Several listed companies in Thailand finally won the right to sell their solar power to the national grid last week, including Global Power Synergy Pcl, Superblock Pcl, Bangchak Petroleum Pcl and Solartron Pcl.

Following approval, each company now has 120 days to secure and sign PPAs with state electricity agencies across Thailand, and have until December 31 of this year to begin operations. The government has approved 25-year contracts for the 67 solar farms, which will be eligible for a FIT of 5.66 baht per unit ($0.16/kWh).

Revenue generated must be shared between the companies and cooperatives, confirmed Thailand’s director for the Energy Regulatory Commission Viraphol Jirapraditkul.

The regulator is hopeful that these projects will inspire other developers to press ahead with clean energy plans in the country, calculating that a further $512 million in investment could be forthcoming before the year is out.

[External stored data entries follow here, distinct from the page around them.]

Lemma sym_in_syms y : sym S y \in syms S.
Proof.
apply/flatten_mapP; exists (nth [::] S y.1); first exact: mem_nth.
by apply: map_f; apply: mem_nth; rewrite word_size.
Qed.

Lemma matching_perfect :
  [/\ uniq matching, {subset matching <= syms S},
      all (fun a => ~~ is_loop S a) matching &
      forall c, count (incident S c) matching = 1].
Proof.
split; [exact: undup_uniq | | | exact: matching_incident].
  by move=> b /matchingP[y _ <-]; apply: sym_in_syms.
by apply/allP => b /matchingP[y cy <-]; apply: chosen_not_loop.
Qed.

End Labelling.

End CataFlatHex.

Theorem mainTheorem1 (S : scheme) : cata_flat_hex S -> kekulean S.
Proof.
case=> _ flatS hexS cataS.
(* Release one shared side of every para hexagon, never an edge from both sides. *)
have [C pickC uniqC] := distinct_picks (para_pairs S) (para_pairs_degree S hexS flatS).
exists (matching S C).
by apply: matching_perfect.
Qed.
(* Assume in addition that $\gcd(l,m)=1$ (so $k=lm$ and $\gcd(n,k)=1$). Then the unique numbers $u_r,v_r$ ($0\le r<k$) of the construction (i.e. those for which each $\mathcal A_r^t$ has slope $\alpha_{r+1}$ and each $\mathcal B_r^t$ has slope $-\beta_{r+1}$) are given by $$u_r=\frac{1}{\tau^n-1}\sum_{j=0}^{k-1}\Big(\alpha_{r+1+jn}\big(\psi_r^{jn+l}-\psi_r^{jn}\big)-\beta_{r+1+l+jn}\big(\psi_r^{(j+1)n}-\psi_r^{jn+l}\big)\Big),$$ $$v_r=\frac{1}{\tau^n-1}\sum_{j=0}^{k-1}\Big(\alpha_{r+1+m+jn}\big(\psi_r^{(j+1)n}-\psi_r^{jn+m}\big)-\beta_{r+1+jn}\big(\psi_r^{jn+m}-\psi_r^{jn}\big)\Big).$$ Equivalently, with $\chi_r=\psi_r^n$, $U_r=\alpha_{r+1}(\psi_r^l-1)-\beta_{r+l+1}(\psi_r^n-\psi_r^l)$ and $V_r=-\beta_{r+1}(\psi_r^m-1)+\alpha_{r+m+1}(\psi_r^n-\psi_r^m)$, they satisfy $u_r-\chi_ru_{r+n}=-U_r$, $v_r-\chi_rv_{r+n}=-V_r$, and $(\tau^n-1)u_r=\sum_{j=0}^{k-1}\psi_r^{jn}U_{r+jn}$, $(\tau^n-1)v_r=\sum_{j=0}^{k-1}\psi_r^{jn}V_{r+jn}$.
   Context: Setting: $l,m$ positive integers, $n=l+m$, $k=\operatorname{lcm}(l,m)$, weights $\alpha_1,\dots,\alpha_l,\beta_1,\dots,\beta_m\ge0$ not all zero with $\sum\alpha_i=\sum\beta_j$, and $\rho_1,\dots,\rho_k>1$. Indexing conventions: for an integer $r$, $\alpha_r:=\alpha_i$ with $1\le i\le l$, $r\equiv i\pmod l$; $\beta_r:=\beta_j$ with $1\le j\le m$, $r\equiv j\pmod m$; $\rho_r:=\rho_h$ with $1\le h\le k$, $r\equiv h\pmod k$; $u_r,v_r$ are extended $k$-periodically in $r$. Set $\sigma_0=1$, $\sigma_r=\rho_1\cdots\rho_r$ ($1\le r\le k$), $\tau=\rho_1\cdots\rho_k$, and $\sigma_{sk+h}=\tau^s\sigma_h$ for $s\in\mathbb Z$, $0\le h<k$. For integers $r$ and $s\ge0$ let $\psi_r^s=\rho_{r+1}\rho_{r+2}\cdots\rho_{r+s}$ (with $\psi_r^0=1$). Points: ${\bf a}_r^t=\tau^t\sigma_r(1,u_r)$, ${\bf b}_r^t=\tau^t\sigma_r(1,v_r)$ for $r,t\in\mathbb Z$; segments $\mathcal A_r^t=[{\bf a}_r^t,{\bf b}_{r+l}^t]$, $\mathcal B_r^t=[{\bf b}_r^t,{\bf a}_{r+m}^t]$ for $0\le r<k$, $t\in\mathbb Z$. *)

From HB Require Import structures.
From mathcomp Require Import all_boot all_order all_algebra.
Set Implicit Arguments. Unset Strict Implicit. Unset Printing Implicit Defensive.
Import Order.TTheory GRing.Theory Num.Theory.
Local Open Scope ring_scope.

(* Conventions: finite families alpha_1..alpha_l, beta_1..beta_m, rho_1..rho_k
   are given as functions nat -> R; only the values at indices 1..l (resp.
   1..m, 1..k) matter.  Integer indices are reduced periodically. *)

(* the unique i with 1 <= i <= p and r = i (mod p) (for p > 0) *)
Definition per_idx (p : nat) (r : int) : nat := (absz ((r - 1) %% p)%Z).+1.

Definition pext {R : Type} (p : nat) (x : nat -> R) (r : int) : R :=
  x (per_idx p r).

Definition tau {R : pzRingType} (k : nat) (rho : nat -> R) : R :=
  \prod_(1 <= h < k.+1) rho h.

Definition sigma {R : unitRingType} (k : nat) (rho : nat -> R) (r : int) : R :=
  (tau k rho) ^ (r %/ k)%Z * \prod_(1 <= h < (absz (r %% k)%Z).+1) rho h.

Definition psi {R : pzRingType} (k : nat) (rho : nat -> R) (r : int) (s : nat) : R :=
  \prod_(i < s) pext k rho (r + (i.+1)%:Z).

(* points a_r^t = tau^t sigma_r (1, u_r), b_r^t = tau^t sigma_r (1, v_r) *)
Definition pt {R : unitRingType} (k : nat) (rho : nat -> R) (w : int -> R)
  (r t : int) : R * R :=
  ((tau k rho) ^ t * sigma k rho r, (tau k rho) ^ t * sigma k rho r * w r).

Definition slope {R : fieldType} (P Q : R * R) : R := (Q.2 - P.2) / (Q.1 - P.1).

From HB Require Import structures.
From mathcomp Require Import all_boot all_order all_algebra.
From mathcomp Require Import zify ring lra.
Set Implicit Arguments. Unset Strict Implicit. Unset Printing Implicit Defensive.
Import Order.TTheory GRing.Theory Num.Theory.
Local Open Scope ring_scope.

(* Since sigma_{r+s} = sigma_r psi_r^s,
   the slope condition on A_r^t (resp. B_r^t) is, after dividing by sigma_r,
     u_r = psi_r^l v_{r+l} - alpha_{r+1} (psi_r^l - 1),
     v_r = psi_r^m u_{r+m} + beta_{r+1} (psi_r^m - 1);
   by periodicity both hold for every r >= 0.  Substituting one into the other
   gives the first-order recurrences  u_r = psi_r^n u_{r+n} - U_r  and
   v_r = psi_r^n v_{r+n} - V_r  (n = l + m).  Iterating them k times and using
   k-periodicity of u, v together with psi_r^{kn} = tau^n > 1 yields
   (tau^n - 1) u_r = sum_{j<k} psi_r^{jn} U_{r+jn}, and the same for v;
   expanding U, V with psi_r^{jn} psi_{r+jn}^s = psi_r^{jn+s} gives the explicit
   sums.  The argument works for any common multiple k of l and m. *)

Lemma psiD (R : pzRingType) k (rho : nat -> R) r a b :
  psi k rho r (a + b) = psi k rho r a * psi k rho (r + a%:Z) b.
Proof.
rewrite /psi big_split_ord /=; congr (_ * _); apply: eq_bigr => i _ /=.
by congr pext; lia.
Qed.

Lemma psi0 (R : pzRingType) k (rho : nat -> R) r : psi k rho r 0 = 1.
Proof. by rewrite /psi big_ord0. Qed.

Lemma pextMD (T : Type) p (x : nat -> T) r c :
  pext p x (r + (c * p)%N%:Z) = pext p x r.
Proof.
rewrite /pext /per_idx.
have -> : r + (c * p)%N%:Z - 1 = c%:Z * p%:Z + (r - 1) by rewrite PoszM; ring.
by rewrite modzMDl.
Qed.

Lemma pext_dvd (T : Type) p k (x : nat -> T) r :
  (p %| k)%N -> pext p x (r + k%:Z) = pext p x r.
Proof. by move=> pk; rewrite -(divnK pk) pextMD. Qed.

Lemma psi_shiftk (R : pzRingType) k (rho : nat -> R) r s :
  psi k rho (r + k%:Z) s = psi k rho r s.
Proof.
apply: eq_bigr => i _.
by rewrite -addrA (addrC _ (Posz i.+1)) addrA (@pext_dvd _ k k) ?dvdnn.
Qed.
Lemma nondecr_of_deriv (f f' : R -> R) :
  (forall x, derivable_pt_lim f x (f' x)) ->
  (forall x, 0 <= x <= 1 -> 0 <= f' x) ->
  forall p q, 0 <= p -> p <= q -> q <= 1 -> f p <= f q.
Proof.
intros Hd Hpos p q Hp Hpq Hq.
destruct (Req_dec p q) as [->|Hne]; [lra|].
destruct (MVT_cor2 f f' p q) as [c [Hc1 Hc2]]; [lra|intros; apply Hd|].
assert (0 <= f' c * (q - p)) by (apply Rmult_le_pos; [apply Hpos|]; lra).
lra.
Qed.

Definition bern (a : nat -> R) (M : nat) (p : R) : R :=
  sum_f_R0 (fun t => p ^ t * (1 - p) ^ (M - t) * a t) M.

Lemma bern_at_0 a M : bern a M 0 = a 0%nat.
Proof.
unfold bern; induction M as [|M IH].
- simpl; ring.
- rewrite tech5 (sum_eq _ (fun t => 0 ^ t * (1 - 0) ^ (M - t) * a t)).
  + rewrite IH; simpl; ring.
  + intros i _; rewrite Rminus_0_r !pow1; reflexivity.
Qed.

Lemma bern_at_1 a M : bern a M 1 = a M.
Proof.
unfold bern; destruct M as [|M].
- simpl; ring.
- rewrite tech5 sum_eq_R0.
  + rewrite subnn; simpl; rewrite pow1; ring.
  + intros t Ht; replace (S M - t)%nat with (S (M - t)) by lia; simpl; ring.
Qed.

Lemma deriv_bern_term t j c x :
  derivable_pt_lim (fun p => p ^ t * (1 - p) ^ j * c) x
    ((INR t * x ^ Nat.pred t * (1 - x) ^ j - x ^ t * (INR j * (1 - x) ^ Nat.pred j)) * c).
Proof.
apply is_derive_Reals; auto_derive; auto.
replace (1 + - x) with (1 - x) by ring; ring.
Qed.

Lemma deriv_bern_succ a m x :
  derivable_pt_lim (bern a (S m)) x
    (bern (fun t => INR (t + 1) * a (t + 1)%nat - INR (S m - t) * a t) m x).
Proof.
set (P := fun t => INR t * x ^ Nat.pred t * (1 - x) ^ (S m - t) * a t).
set (Q := fun t => x ^ t * (INR (S m - t) * (1 - x) ^ Nat.pred (S m - t)) * a t).
assert (Hshift : sum_f_R0 (fun t => P t - Q t) (S m) =
  bern (fun t => INR (t + 1) * a (t + 1)%nat - INR (S m - t) * a t) m x).
{ rewrite minus_sum (decomp_sum P) ?tech5; [|lia].
  assert (HP0 : P 0%nat = 0) by (unfold P; simpl; ring).
  assert (HQ : Q (S m) = 0) by (unfold Q; rewrite subnn; simpl; ring).
  rewrite HP0 HQ Rplus_0_l Rplus_0_r -minus_sum.
  apply sum_eq; intros i Hi; unfold P, Q.
  rewrite subSS addn1.
  replace (S m - i)%nat with (S (m - i)) by lia; simpl Nat.pred; ring. }
rewrite <- Hshift; unfold bern.
apply (derivable_pt_lim_sum (fun t p => p ^ t * (1 - p) ^ (S m - t) * a t)
  (fun t p => P t - Q t)).
intros t _; unfold P, Q; rewrite <- Rmult_minus_distr_r; apply deriv_bern_term.
Qed.

Lemma bern_nonneg a M x :
  (forall t, (t <= M)%nat -> 0 <= a t) -> 0 <= x <= 1 -> 0 <= bern a M x.
Proof.
intros Ha Hx; apply sum_f_R0_nonneg; intros t Ht.
apply Rmult_le_pos; [apply Rmult_le_pos; apply pow_le; lra|apply Ha, Ht].
Qed.

Definition info_poly (e : nat -> R) (n : nat) : R -> R := bern (fun t => e (n - t)%nat) n.

Definition info_diff (e : nat -> R) (n t : nat) : R :=
  INR (n - t) * e (n - t)%nat - INR (t + 1) * e (n - 1 - t)%nat.

(* The derivative of -info_poly e n is the Bernstein sum with coefficients
   info_diff e n (after telescoping the two halves of deriv_bern_succ). *)
Lemma deriv_info_poly e n x : (0 < n)%nat ->
  derivable_pt_lim (fun p => - info_poly e n p) x (bern (info_diff e n) (n - 1) x).
Proof.
intros Hn; destruct n as [|m]; [lia|].
replace (S m - 1)%nat with m by lia.
replace (bern (info_diff e (S m)) m x) with
  (- bern (fun t => INR (t + 1) * e (S m - (t + 1))%nat - INR (S m - t) * e (S m - t)%nat) m x).
- apply derivable_pt_lim_opp, deriv_bern_succ.
- unfold bern; rewrite <- sum_f_R0_opp; apply sum_eq; intros t Ht; unfold info_diff.
  replace (S m - (t + 1))%nat with (S m - 1 - t)%nat by lia; ring.
Qed.

(* Binomially normalised concavity of e makes  bern (info_diff e n) (n-1)
   nondecreasing on [0,1]: each coefficient of its derivative is one
   instance of the concavity inequality. *)
Lemma info_diff_nondecr e n : (0 < n)%nat ->
  (forall g, (g + 2 <= n)%nat ->
     INR (g + 2) * INR (g + 1) * e (g + 2)%nat + INR (n - g) * INR (n - g - 1) * e g
     <= 2 * INR (g + 1) * INR (n - g - 1) * e (g + 1)%nat) ->
  forall p q, 0 <= p -> p <= q -> q <= 1 ->
  bern (info_diff e n) (n - 1) p <= bern (info_diff e n) (n - 1) q.
Proof.
intros Hn Hconc; destruct n as [|[|m]]; [lia| |].
- intros p q _ _ _; unfold bern; simpl; lra.
- replace (S (S m) - 1)%nat with (S m) by lia.
  apply (nondecr_of_deriv _ _ (deriv_bern_succ _ m)).
  intros x Hx; apply bern_nonneg; [|exact Hx]; intros t Ht.
  set (g := (m - t)%nat); specialize (Hconc g ltac:(lia)); unfold info_diff.
  replace (S (S m) - (t + 1))%nat with (g + 1)%nat by lia.
  replace (S (S m) - 1 - (t + 1))%nat with g by lia.
  replace (S (S m) - t)%nat with (g + 2)%nat by lia.
  replace (S (S m) - 1 - t)%nat with (g + 1)%nat by lia.
  replace (S m - t)%nat with (g + 1)%nat by lia.
  replace (t + 1 + 1)%nat with (t + 2)%nat by lia.
  replace (S (S m) - g)%nat with (t + 2)%nat in Hconc by lia.
  replace (t + 2 - 1)%nat with (t + 1)%nat in Hconc by lia.
  nra.
Qed.

Lemma exp_le_compat x y : x <= y -> exp x <= exp y.
Proof.
intros [Hlt| ->]; [apply Rlt_le, exp_increasing, Hlt|apply Rle_refl].
Qed.

(* Tangent-line inequality for exp, from 1 + z <= exp z. *)
Lemma exp_tangent x y : exp x * (1 + (y - x)) <= exp y.
Proof.
replace (exp y) with (exp x * exp (y - x)) by (rewrite <- exp_plus; f_equal; ring).
apply Rmult_le_compat_l; [apply Rlt_le, exp_pos|apply exp_ineq1_le].
Qed.
(* There are absolute constants $c,c_1,c_2>0$ such that the following holds. Let $X,Y$ be a section-pair in which each vertex of $X$ is incident to at most one chord. Let $E$ be a set of chords and let $J\subseteq\mathbb{N}$ be an interval such that the length of every chord in $E$ belongs to $J$. Then there are $k\ge c|E|/|J|$ paths $P_1,\dots,P_k$ in $H(X,Y)$ between $x^{t}$ and $y^{t}$ such that $c_1|J|\le |P_{i+1}|-|P_i|\le c_2|J|$ for every $1\le i\le k-1$.
   Context: A section-pair in a graph $G$ is a pair $X,Y$ of vertex-disjoint paths; the two endpoints of $X$ are designated its top $x^{t}$ and bottom $x^{b}$, and those of $Y$ its top $y^t$ and bottom $y^b$. A chord is an edge of $G$ with one endpoint in $X$ and one in $Y$. $H(X,Y)$ is the graph with vertex set $V(X)\cup V(Y)$ whose edges are the edges of $X$, the edges of $Y$ and the chords. $|P|$ is the number of edges of a path $P$; $d_X(x_1,x_2)$ is the number of edges of the subpath of $X$ between $x_1,x_2$, similarly $d_Y$. The length of a chord $(x,y)$, $x\in X,y\in Y$, is $d_X(x^t,x)+d_Y(y^t,y)$. An interval is a set of consecutive integers and $|J|$ is its number of elements. *)

From HB Require Import structures.
From mathcomp Require Import all_boot all_order all_algebra.
From mathcomp Require Import reals.
Set Implicit Arguments. Unset Strict Implicit. Unset Printing Implicit Defensive.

Solar is poised to play a crucial role in Thailand’s future energy transition. The country uses natural gas to meet 65% of its energy demand, but the goal is to reduce that figure by 40% and increase renewable capacity. Solar’s cumulative size is currently 2.76 GW, and the country wants to raise that to 6 GW by 2036, or 31% of Thailand’s renewable energy output by that date, which is targeted to be 19.6 GW – a 20% increase on the previous clean energy target.

Thailand had previously targeted 6 GW of solar capacity for 2021, but has recently extended that deadline out to 2036 following a consultation in the nation’s energy plan. During this lull in procedure, many Thai solar firms began looking at foreign markets, such as Japan, for investment opportunities.